#### Problem to solve:
Tally the lines of the data that include the word "case" and state the total, nothing else.

[[ Data provided, beginning ]]

(* For $m=2,4,6$ let $\mathbb Z_m\subset SL_2(\mathbb Z)$ be the cyclic subgroup generated respectively by $\begin{pmatrix}-1&0\\0&-1\end{pmatrix}$, $\begin{pmatrix}0&-1\\1&0\end{pmatrix}$, $\begin{pmatrix}0&1\\-1&1\end{pmatrix}$, and let $G_m=\mathbb Z_m\ltimes\mathbb Z^2\subset\Gamma^J$ be the subgroup of pairs $(M,X)$ with $M\in\mathbb Z_m$, $X\in\mathbb Z^2$. Then $G_2\subset G_4$ and $G_2\subset G_6$, and the Jacobi group $\Gamma^J$ is isomorphic to the amalgamated free product $G_4 *_{G_2} G_6$.
   Context: The full Jacobi group is $\Gamma^J=SL_2(\mathbb Z)\ltimes\mathbb Z^2$, the set of pairs $(M,X)$ with $M\in SL_2(\mathbb Z)$, $X\in\mathbb Z^2$ a row vector, with multiplication $(M,X)(M',X')=(MM',XM'+X')$. *)

From HB Require Import structures.
From mathcomp Require Import all_boot all_order all_algebra.
Set Implicit Arguments. Unset Strict Implicit. Unset Printing Implicit Defensive.
Import Order.TTheory GRing.Theory Num.Theory.
Local Open Scope ring_scope.

Record grp := Grp {
  gcar :> Type;
  gmul : gcar -> gcar -> gcar;
  gone : gcar;
  ginv : gcar -> gcar;
  gmulA : forall x y z, gmul x (gmul y z) = gmul (gmul x y) z;
  gmul1 : forall x, gmul x gone = x;
  g1mul : forall x, gmul gone x = x;
  gmulV : forall x, gmul x (ginv x) = gone;
  gVmul : forall x, gmul (ginv x) x = gone
}.

Record jac := Jac { jM : 'M[int]_2; jX : 'rV[int]_2; jdet : \det jM == 1 }.

Lemma jmul_det (a b : jac) : \det (jM a *m jM b) == 1.
Proof. by rewrite det_mulmx (eqP (jdet a)) (eqP (jdet b)) mulr1. Qed.

Definition jmul (a b : jac) : jac :=
  @Jac (jM a *m jM b) (jX a *m jM b + jX b) (jmul_det a b).

Definition mx2 (a b c d : int) : 'M[int]_2 :=
  \matrix_(i < 2, j < 2)
    if i == ord0 then (if j == ord0 then a else b) else (if j == ord0 then c else d).

Definition gen2 : 'M[int]_2 := mx2 (-1) 0 0 (-1).
Definition gen4 : 'M[int]_2 := mx2 0 (-1) 1 0.
Definition gen6 : 'M[int]_2 := mx2 0 1 (-1) 1.

(* the cyclic subgroup of SL_2(Z) generated by g (g has finite order here,
   so nonnegative powers suffice) *)
Definition cyc (g : 'M[int]_2) (M : 'M[int]_2) : Prop := exists k : nat, M = g ^+ k.

Definition Gm (g : 'M[int]_2) (x : jac) : Prop := cyc g (jM x).
Definition G2 := Gm gen2.
Definition G4 := Gm gen4.
Definition G6 := Gm gen6.

Definition homOnJ (A : jac -> Prop) (H : grp) (f : jac -> H) : Prop :=
  forall x y, A x -> A y -> f (jmul x y) = gmul (f x) (f y).

Definition homOnJJ (A : jac -> Prop) (f : jac -> jac) : Prop :=
  forall x y, A x -> A y -> f (jmul x y) = jmul (f x) (f y).

(* Gamma^J (with j4 : G4 -> Gamma^J, j6 : G6 -> Gamma^J agreeing on G2) is the
   amalgamated free product G4 *_{G2} G6, i.e. the pushout of
   G4 <- G2 -> G6 (inclusions) in the category of groups. *)
Definition is_amalgam (j4 j6 : jac -> jac) : Prop :=
  homOnJJ G4 j4 /\ homOnJJ G6 j6 /\ (forall x, G2 x -> j4 x = j6 x) /\
  forall (H : grp) (f4 f6 : jac -> H),
    homOnJ G4 f4 -> homOnJ G6 f6 -> (forall x, G2 x -> f4 x = f6 x) ->
    (exists F : jac -> H, homOnJ (fun _ => True) F /\
        (forall x, G4 x -> F (j4 x) = f4 x) /\ (forall x, G6 x -> F (j6 x) = f6 x)) /\
    (forall F F' : jac -> H,
        homOnJ (fun _ => True) F ->
        (forall x, G4 x -> F (j4 x) = f4 x) -> (forall x, G6 x -> F (j6 x) = f6 x) ->
        homOnJ (fun _ => True) F' ->
        (forall x, G4 x -> F' (j4 x) = f4 x) -> (forall x, G6 x -> F' (j6 x) = f6 x) ->
        forall z, F z = F' z).

From mathcomp Require Import all_boot all_order all_algebra.
From mathcomp Require Import zify ring.
From Stdlib Require Import ClassicalEpsilon.
Set Implicit Arguments. Unset Strict Implicit. Unset Printing Implicit Defensive.
Import Order.TTheory GRing.Theory Num.Theory.
Local Open Scope ring_scope.

(* SL_2(Z) is the amalgam Z_4 *_{Z_2} Z_6 of the cyclic groups generated by
   gen4 and gen6 (van der Waerden's argument): Euclid's algorithm shows that
   gen4 and gen6 generate SL_2(Z); every element has a unique normal form
   gen2^e gen4^a W gen6^b, with W a word in the matrices gen6 gen4 and
   gen6^2 gen4, unique because such a word is determined by its (nonnegative)
   matrix; and left multiplication by gen4 and gen6 acts on normal forms.
   Evaluating normal forms in a group H at elements s, p with s^2 = p^3 and
   s^4 = 1 therefore gives a homomorphism SL_2(Z) -> H extending gen4 |-> s,
   gen6 |-> p.  Since the translations Z^2 lie in G_2, homomorphisms f4, f6 on
   G_4, G_6 agreeing on G_2 restrict to a common homomorphism tau on Z^2, and
   (M, X) |-> phi(M) tau(X) is the required extension to Gamma^J; it is unique
   because Gamma^J is generated by G_4 and G_6. *)

Lemma ord2P (i : 'I_2) : i = ord0 \/ i = ord_max.
Proof. by case: i => [[|[|//]]] ?; [left | right]; apply/val_inj. Qed.

Lemma mx2_eq (A B : 'M[int]_2) :
  A ord0 ord0 = B ord0 ord0 -> A ord0 ord_max = B ord0 ord_max ->
  A ord_max ord0 = B ord_max ord0 -> A ord_max ord_max = B ord_max ord_max ->
  A = B.
Proof.
move=> e00 e01 e10 e11; apply/matrixP => i j.
by case: (ord2P i) => ->; case: (ord2P j) => ->.
Qed.

Variant mx2_spec (A : 'M[int]_2) : Prop := Mx2Spec a b c d of A = mx2 a b c d.
Lemma fixed_mul_add1_eq0 n (M P : 'M[F]_n.+1) :
  P = P^T * M -> P * (M + 1) = 0 -> P^T = - P /\ P * M = - P.
Proof.
move=> hP h1.
have PM : P * M = - P by apply/eqP; rewrite -addr_eq0 -{2}(mulr1 P) -mulrDr h1.
have PT : P^T = M^T * P by rewrite {1}hP -mulmxE trmx_mul trmxK mulmxE.
split=> //; rewrite PT; apply/eqP; rewrite -addr_eq0; apply/eqP.
by rewrite {2}hP PT -mulrA PM mulrN addrN.
Qed.

End FixedPoints.

Section SkewFixedPoints.
Variable F : numFieldType.

Lemma fixed_of_neg1_Jordan_chain n (M : 'M[F]_n) (v w : 'rV_n) b :
  v *m M = - v -> w *m M = - w + b *: v ->
  let P := v^T *m w - w^T *m v - (b / 2) *: (v^T *m v) in P = P^T *m M.
Proof.
move=> hv hw /=.
rewrite !linearD !linearN !linearZ /= !trmx_mul !trmxK !mulmxDl.
rewrite ?mulNmx -?scalemxAl ?mulNmx -?scalemxAl.
rewrite -!mulmxA hv hw mulmxDr !mulmxN -!scalemxAr.
by apply/matrixP => i j; rewrite !(mxE, big_ord1); field.
Qed.

Lemma fixed_of_neg1_double_root n (M : 'M[F]_n.+1) :
  ('X + 1) ^+ 2 %| char_poly M -> exists2 P : 'M_n.+1, P = P^T *m M & P != 0.
Proof.
rewrite -XsubCN1 => hd.
have e1 : eigenvalue M (-1).
  by rewrite eigenvalue_root_char -dvdp_XsubCl (dvdp_trans _ hd) // dvdp_mulIl.
have [v hv v0] := eigenvalueP e1.
have [S Su hSv] := @unitmx_usubmx _ n v v0.
have hS : usubmx S *m M = (-1) *: usubmx S by rewrite hSv hv.
have hT := similar_lblock_left_eigen Su hS.
have hc := char_poly_left_eigen Su hS.
set T := S *m M *m invmx S in hT hc.
have rD : root (char_poly (drsubmx T)) (-1).
  rewrite -dvdp_XsubCl -(@dvdp_mul2l _ ('X - (-1)%:P)) ?polyXsubC_eq0 //.
  by rewrite -hc -expr2.
have [y hy y0] := eigenvalueP (etrans (eigenvalue_root_char _ _) rD).
pose e := row_mx 1%:M 0 : 'rV[F]_(1 + n).
pose w := row_mx 0 y : 'rV[F]_(1 + n).
have eT : e *m T = - e.
  rewrite hT mul_row_block !mul1mx !mul0mx !addr0 /e opp_row_mx oppr0.
  by rewrite raddfN.
have wT : w *m T = - w + (y *m dlsubmx T) 0 0 *: e.
  rewrite [in LHS]hT mul_row_block !mul0mx !add0r hy scaleN1r /w /e.
  rewrite opp_row_mx oppr0 scale_row_mx scaler0 add_row_mx addr0 add0r.
  by rewrite scalemx1 -mx11_scalar.
have hQ := fixed_of_neg1_Jordan_chain eT wT.
set Q := _ - _ - _ *: _ in hQ.
have Q0 : Q != 0.
  have ee : e *m e^T = 1%:M.
    by rewrite /e tr_row_mx mul_row_col trmx1 mulmx1 linear0 mul0mx addr0.
  have ew : e *m w^T = 0.
    by rewrite /e /w tr_row_mx mul_row_col linear0 mulmx0 mul0mx addr0.
  have ey : rsubmx (e *m Q) = y.
    rewrite /Q !mulmxDr !mulmxN -!scalemxAr !mulmxA ee ew !mul1mx mul0mx subr0.
    rewrite /w /e scale_row_mx opp_row_mx add_row_mx row_mxKr scaler0 oppr0.
    by rewrite addr0.
  by apply: contraNneq y0 => Q0; rewrite -ey Q0 mulmx0 linear0.
have [hP P0] := fixed_similar Su hQ Q0.
by exists (S^T *m Q *m S).
Qed.
Lemma ler_h : {mono h : i j / (i <= j)%N >-> i <= j}.
Proof.
apply: le_mono; apply: Order.NatMonotonyTheory.homo_ltn_lt => n.
exact: le_lt_trans (le_h_end n) (end_lt_next n).
Qed.

Lemma ltr_h : {mono h : i j / (i < j)%N >-> i < j}.
Proof. exact: leW_mono ler_h. Qed.

Lemma h_ge0 n : 0 <= h n.
Proof. by case: hD => h00 _; rewrite (le_trans h00) // ler_h. Qed.

Lemma end_ge0 n : 0 <= h n + tau n.
Proof. by rewrite addr_ge0 ?h_ge0 ?tau_ge0. Qed.

Lemma le_end : {homo (fun n => h n + tau n) : i j / (i <= j)%N >-> i <= j}.
Proof.
move=> i j; rewrite leq_eqVlt => /predU1P[-> // | ij].
by rewrite ltW // (lt_le_trans (end_lt_next i)) // (le_trans _ (le_h_end j)) // ler_h.
Qed.

Lemma h_bracket t : h @ \oo --> +oo -> h 0 <= t -> exists n, h n <= t < h n.+1.
Proof.
move=> /cvgry_gt/(_ t)[j _ /(_ j (leqnn j)) /= tj] h0t.
elim: j tj => [|j IHj] tj; first by have := lt_le_trans tj h0t; rewrite ltxx.
by have [/IHj // | jt] := ltP t (h j); exists j; rewrite jt.
Qed.

Lemma measurable_Xi a t : measurable (Xi h tau a t).
Proof.
have -> : Xi h tau a t = \bigcup_n Hset h tau n `&` `[a, t]%classic.
  by congr (_ `&` _); apply/seteqP; split => x /=; rewrite in_itv.
apply: measurableI => //; apply: bigcupT_measurable => n.
apply: measurableU => //.
by rewrite (_ : [set x | _] = `[h n, h n + tau n[%classic).
Qed.

Lemma Xi_sub_end t n : t < h n.+1 -> Xi h tau 0 t `<=` Xi h tau 0 (h n + tau n).
Proof.
move=> tn x [[k _ Hkx] /andP[x0 xt]]; split; first by exists k.
have [hkx xsk] : h k <= x /\ x <= h k + tau k.
  case: Hkx => [/= ->|/= /andP[hkx /ltW xsk]]; last by [].
  by rewrite lexx le_h_end.
have kn : (k <= n)%N by rewrite -ltnS -ltr_h (le_lt_trans hkx) // (le_lt_trans xt).
by rewrite /= x0 (le_trans xsk) // le_end.
Qed.
(* Let $m\ge1$ and $r,s\ge0$ with $r+s\ge1$. Then $H_m\oplus A(r\mid s)$ is capable if and only if $m=1$.
   Context: All algebras are over a field $\mathbb{F}$ of characteristic $\neq 2,3$. $A(r\mid s)$ is the abelian Lie superalgebra of dimension $(r\mid s)$. $H_m$ is the Lie superalgebra with even basis $x_1,\dots,x_m$, odd basis $y_1,\dots,y_m,z$, and nonzero brackets $[x_j,y_j]=z$ ($1\le j\le m$). A Lie superalgebra $L$ is capable if $L\cong H/Z(H)$ for some Lie superalgebra $H$. *)

From HB Require Import structures.
From mathcomp Require Import all_boot all_algebra.
Set Implicit Arguments. Unset Strict Implicit. Unset Printing Implicit Defensive.
Import GRing.Theory.
Local Open Scope ring_scope.

(* A Lie superalgebra L = L_0 (+) L_1 over F, given by its homogeneous
   components and the three homogeneous pieces of the bracket:
     br00 : L_0 x L_0 -> L_0,  br01 : L_0 x L_1 -> L_1  ([x,u] for x even, u odd;
     [u,x] := -[x,u]),  br11 : L_1 x L_1 -> L_0.
   Axioms: bilinearity, graded skew-symmetry and the graded Jacobi identity
   (written out on homogeneous triples; the remaining orderings follow from
   graded skew-symmetry). *)
Record LieSuperalgebra (F : fieldType) := LieSuper {
  ev : lmodType F;
  od : lmodType F;
  br00 : ev -> ev -> ev;
  br01 : ev -> od -> od;
  br11 : od -> od -> ev;
  br00_linl : forall (a : F) x y z, br00 (a *: x + y) z = a *: br00 x z + br00 y z;
  br00_linr : forall (a : F) x y z, br00 x (a *: y + z) = a *: br00 x y + br00 x z;
  br01_linl : forall (a : F) x y u, br01 (a *: x + y) u = a *: br01 x u + br01 y u;
  br01_linr : forall (a : F) x u v, br01 x (a *: u + v) = a *: br01 x u + br01 x v;
  br11_linl : forall (a : F) u v w, br11 (a *: u + v) w = a *: br11 u w + br11 v w;
  br11_linr : forall (a : F) u v w, br11 u (a *: v + w) = a *: br11 u v + br11 u w;
  br00_skew : forall x y, br00 x y = - br00 y x;
  br11_sym : forall u v, br11 u v = br11 v u;
  jacobi000 : forall x y z,
    br00 x (br00 y z) = br00 (br00 x y) z + br00 y (br00 x z);
  jacobi001 : forall x y u,
    br01 x (br01 y u) = br01 (br00 x y) u + br01 y (br01 x u);
  jacobi011 : forall x u v,
    br00 x (br11 u v) = br11 (br01 x u) v + br11 u (br01 x v);
  jacobi111 : forall u v w,
    br01 (br11 u v) w + br01 (br11 v w) u + br01 (br11 w u) v = 0
}.

Arguments br00 {F} _ _ _.
Arguments br01 {F} _ _ _.
Arguments br11 {F} _ _ _.
Arguments ev {F} _.
Arguments od {F} _.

[[ Data provided, end ]]

#### Expected answer:
4